One of my co-authors (Angela Sanders) loves Skeleton Lake, probably more than I do because it didn't make her bleed, or maybe it did and that's the whole problem. She always brings it up and talks about it like it's a breathing thing, even though I wrote the book eight years before I even met her. She speaks of the characters, the music, the world, and then she gets mad that I haven't published the end of the series. Then she throws me some serious shade because she knows how it ends.

Only three people on the planet know how it ends beside myself, one of them is married to me, one is my very first editor and co-author Larry Kollar, the other is other-Angela. Though, now I suppose when Brian (third and final coauthor) reads this he's going to expect me to tell him.

Maybe, I'll even do it.

The thing is, the ending gets to me. Truth be told, I have spent about nine years, being utterly afraid of what would happen at the end of that series. So much so, that it's still written in a notebook and stashed under my bed. The paper is yellowed with age, but I recognize the scrawl. The smell.

I wrote all my books by hand then. Sometimes I will go and read those pages, and remember how it felt to write them. How awful, and how alive, and how wicked I was between the lines.

And I tell myself I'll do it.  I am going to publish the end of the series. The last two books.

Only to remember I am afraid of it and find a new project to devote myself to instead.

But I am done putting it off. I came up with the concept of Skeleton Lake over ten years ago. In some ways, I am not the same author I was then; and in some ways I very obviously am.

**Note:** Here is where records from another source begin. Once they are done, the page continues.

(* The iterates stay in the ball of radius D + Ec around p, and from chi1(K) on they are
   (1/(K+1))-fixed points of J_1.  The squared distance d_m from x0 to the
   (1/(m+1))-approximate zeros of A in that ball lies in [0, D^2], so along R iterates of w
   some step raises d by at most eps; a near-minimiser z at that step satisfies the
   variational inequality <x0 - z, y - z> <= 1/(k'+1) for every good enough approximate zero
   y, a metastable version of the projection of x0 onto S.  Since the iterates are such y,
   the Halpern recursion
     |x_{i+1} - z|^2 <= (1 - alpha_i) |x_i - z|^2 + 2 alpha_i/(k'+1) + O(|J_{beta_i} z - z| + |e_i|),
   together with (Q2'), keeps them within 1/(2(k+1)) of z on [sigma, f(sigma)]. *)

From Pilot Require Import Defs.
From Stdlib Require Import Reals Lra Lia Arith List Classical_Prop.
Open Scope R_scope.

(** * Inner product spaces *)

Section InnerProduct.
Context {X : HilbertSpace}.
Implicit Types (x y z u v w : X).

Lemma inner_add_r x y z : hs_inner x (hs_add y z) = hs_inner x y + hs_inner x z.
Proof. rewrite hs_inner_sym, hs_inner_add_l, (hs_inner_sym _ y), (hs_inner_sym _ z). ring. Qed.

Lemma inner_scal_r a x y : hs_inner x (hs_scal a y) = a * hs_inner x y.
Proof. rewrite hs_inner_sym, hs_inner_scal_l, (hs_inner_sym _ y). ring. Qed.

Lemma inner_zero_l y : hs_inner hs_zero y = 0.
Proof. pose proof (hs_inner_add_l X hs_zero hs_zero y) as H. rewrite hs_add_zero in H. lra. Qed.

Lemma inner_zero_r y : hs_inner y hs_zero = 0.
Proof. rewrite hs_inner_sym. apply inner_zero_l. Qed.

Lemma inner_opp_l x y : hs_inner (hs_opp x) y = - hs_inner x y.
Proof.
  pose proof (hs_inner_add_l X x (hs_opp x) y) as H.
  rewrite hs_add_opp, inner_zero_l in H. lra.
Qed.

Lemma inner_opp_r x y : hs_inner x (hs_opp y) = - hs_inner x y.
Proof. rewrite hs_inner_sym, inner_opp_l, hs_inner_sym. reflexivity. Qed.

Lemma sub_eq0 u v : hs_inner (hs_sub u v) (hs_sub u v) = 0 -> u = v.
Proof.
  unfold hs_sub. intro H. apply hs_inner_def in H.
  rewrite <- (hs_add_zero X v), <- H, (hs_add_comm X u), hs_add_assoc, hs_add_opp,
    hs_add_comm, hs_add_zero.
  reflexivity.
Qed.

End InnerProduct.

Tactic Notation "expand_inner" := unfold hs_sub, hs_norm;
  repeat rewrite ?hs_inner_add_l, ?inner_add_r, ?hs_inner_scal_l, ?inner_scal_r,
    ?inner_opp_l, ?inner_opp_r, ?inner_zero_l, ?inner_zero_r.
Tactic Notation "expand_inner" "in" hyp(H) := unfold hs_sub, hs_norm in H;
  repeat rewrite ?hs_inner_add_l, ?inner_add_r, ?hs_inner_scal_l, ?inner_scal_r,
    ?inner_opp_l, ?inner_opp_r, ?inner_zero_l, ?inner_zero_r in H.

Ltac sort_inner := repeat match goal with |- context [hs_inner ?a ?b] =>
  match goal with |- context [hs_inner b a] =>
    assert_fails (constr_eq a b); rewrite (hs_inner_sym _ b a) end end.

(* A vector identity [u = v] is reduced to the scalar identity [|u - v|^2 = 0]. *)
Ltac vec_eq := apply sub_eq0; expand_inner; sort_inner; field.

Section Norm.
Context {X : HilbertSpace}.
Implicit Types (x y z u v w : X).

Lemma norm_nonneg x : 0 <= hs_norm x.
Proof. apply sqrt_pos. Qed.

Lemma norm_sq x : hs_norm x * hs_norm x = hs_inner x x.
Proof. apply sqrt_sqrt, hs_inner_pos. Qed.

Lemma norm_le_sq x c : 0 <= c -> hs_inner x x <= c * c -> hs_norm x <= c.
Proof. intros Hc H. unfold hs_norm. rewrite <- (sqrt_square c) by exact Hc. now apply sqrt_le_1_alt. Qed.

Lemma cauchy_schwarz_sq x y : hs_inner x y * hs_inner x y <= hs_inner x x * hs_inner y y.
Proof.
  destruct (Req_dec (hs_inner y y) 0) as [Hy | Hy].
  - apply hs_inner_def in Hy. subst y. rewrite !inner_zero_r. lra.
  - assert (Hpos : 0 < hs_inner y y) by (pose proof (hs_inner_pos X y); lra).
    pose proof (hs_inner_pos X (hs_sub (hs_scal (hs_inner y y) x) (hs_scal (hs_inner x y) y))) as H.
    expand_inner in H. rewrite (hs_inner_sym _ y x) in H.
    apply Rmult_le_reg_l with (hs_inner y y); nra.
Qed.

Lemma cauchy_schwarz x y : hs_inner x y <= hs_norm x * hs_norm y.
Proof.
  unfold hs_norm. rewrite <- sqrt_mult_alt by apply hs_inner_pos.
  eapply Rle_trans; [apply Rle_abs|].
  rewrite <- sqrt_Rsqr_abs. apply sqrt_le_1_alt. apply cauchy_schwarz_sq.
Qed.

Lemma norm_triangle x y : hs_norm (hs_add x y) <= hs_norm x + hs_norm y.
Proof.
  apply norm_le_sq; [pose proof (norm_nonneg x); pose proof (norm_nonneg y); lra|].
  pose proof (cauchy_schwarz x y). pose proof (norm_sq x). pose proof (norm_sq y).
  rewrite hs_inner_add_l, !inner_add_r, (hs_inner_sym _ y x). nra.
Qed.

Lemma norm_scal a x : hs_norm (hs_scal a x) = Rabs a * hs_norm x.
Proof.
  unfold hs_norm. rewrite hs_inner_scal_l, inner_scal_r, <- Rmult_assoc, sqrt_mult_alt
    by apply Rle_0_sqr.
  now rewrite <- (sqrt_Rsqr_abs a).
Qed.

Lemma norm_scal_nonneg a x : 0 <= a -> hs_norm (hs_scal a x) = a * hs_norm x.
Proof. intro Ha. now rewrite norm_scal, Rabs_pos_eq. Qed.

Lemma norm_sub_sym x y : hs_norm (hs_sub x y) = hs_norm (hs_sub y x).
Proof. unfold hs_norm. f_equal. expand_inner. rewrite (hs_inner_sym _ y x). ring. Qed.

Lemma norm_sub_tri x y z : hs_norm (hs_sub x z) <= hs_norm (hs_sub x y) + hs_norm (hs_sub y z).
Proof.
  replace (hs_sub x z) with (hs_add (hs_sub x y) (hs_sub y z)) by vec_eq.
  apply norm_triangle.
Qed.

Lemma norm_sub_diag x : hs_norm (hs_sub x x) = 0.
Proof. unfold hs_norm, hs_sub. rewrite hs_add_opp, inner_zero_l. apply sqrt_0. Qed.

Lemma norm_convex_comb t u v : 0 <= t <= 1 ->
  hs_norm (hs_add (hs_scal t u) (hs_scal (1 - t) v)) <= t * hs_norm u + (1 - t) * hs_norm v.
Proof.
  intro Ht. eapply Rle_trans; [apply norm_triangle|].
  rewrite !norm_scal_nonneg by lra. lra.
Qed.

Lemma convex_comb_sub_sq al u w z :
  hs_inner (hs_sub (hs_add (hs_scal al u) (hs_scal (1 - al) w)) z)
           (hs_sub (hs_add (hs_scal al u) (hs_scal (1 - al) w)) z) =
  (1 - al) * (1 - al) * hs_inner (hs_sub w z) (hs_sub w z)
  + 2 * al * hs_inner (hs_sub u z) (hs_sub (hs_add (hs_scal al u) (hs_scal (1 - al) w)) z)
  - al * al * hs_inner (hs_sub u z) (hs_sub u z).
Proof. expand_inner. sort_inner. ring. Qed.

In the next few months, the Hollows series is being expanded to beautiful and macabre splendor I always wanted for it. Stay tuned in-crowd. This one's for you.

Thanks for 8 Hollow Years.

Sunday, September 8, 2019

Here be darkness! Dark Unicorn has arrived.


I wanted to wait until both the ebook edition, as well as the paperback edition, were available before making this announcement, and the time is finally here!

The first book in my Horn Sworn Series (co-written with Taylor Haiden) is now available! The series features a very unique unicorn mythos I know my fans will love!

Here's the blurb:

Perfect for fans of Sarah J. Maas and Victoria Aveyard, Dark Unicorn is the first of the new and mysterious adult fantasy series Horn Sworn.

Princess Wrenyve knows her oath to return her Kingdom’s missing artifact, the Heart of Spellshallow, means one of the King’s children will die. Even if Wren is cunning, fast, and strong enough, there’s a good chance it will still be her.

Without the Heart, magic will flee the land faster than the night flees the day. Without the Heart, Spellshallow, and everything in it will cease to exist. As her brother’s shameful thievery is uncovered, Wren must swallow her pride and accept help from allies whom she knows she can’t trust: 
- Thackery is the ambitious son of the richest and most powerful councilman—her very ex, scorned lover—and the wounds Wren caused him are still raw.
- Calen isn’t a boy at all. Trapped in human form after a hideous defeat, Calen may have lost his horn, but is still a unicorn—a self-serving, treacherous scoundrel, as dangerous to any man who crosses him as he is to the innocence of every fair maiden.
- Luckily for Wren, she was already doomed.

To find the Heart and restore the magic, to retrieve the lost horn, Wren and her unfortunate travel companions must survive three separate realms—each more deadly than the last. Unknown enemies and strange magic hinder their way, and yet the most perilous thing is what lies within their own hearts.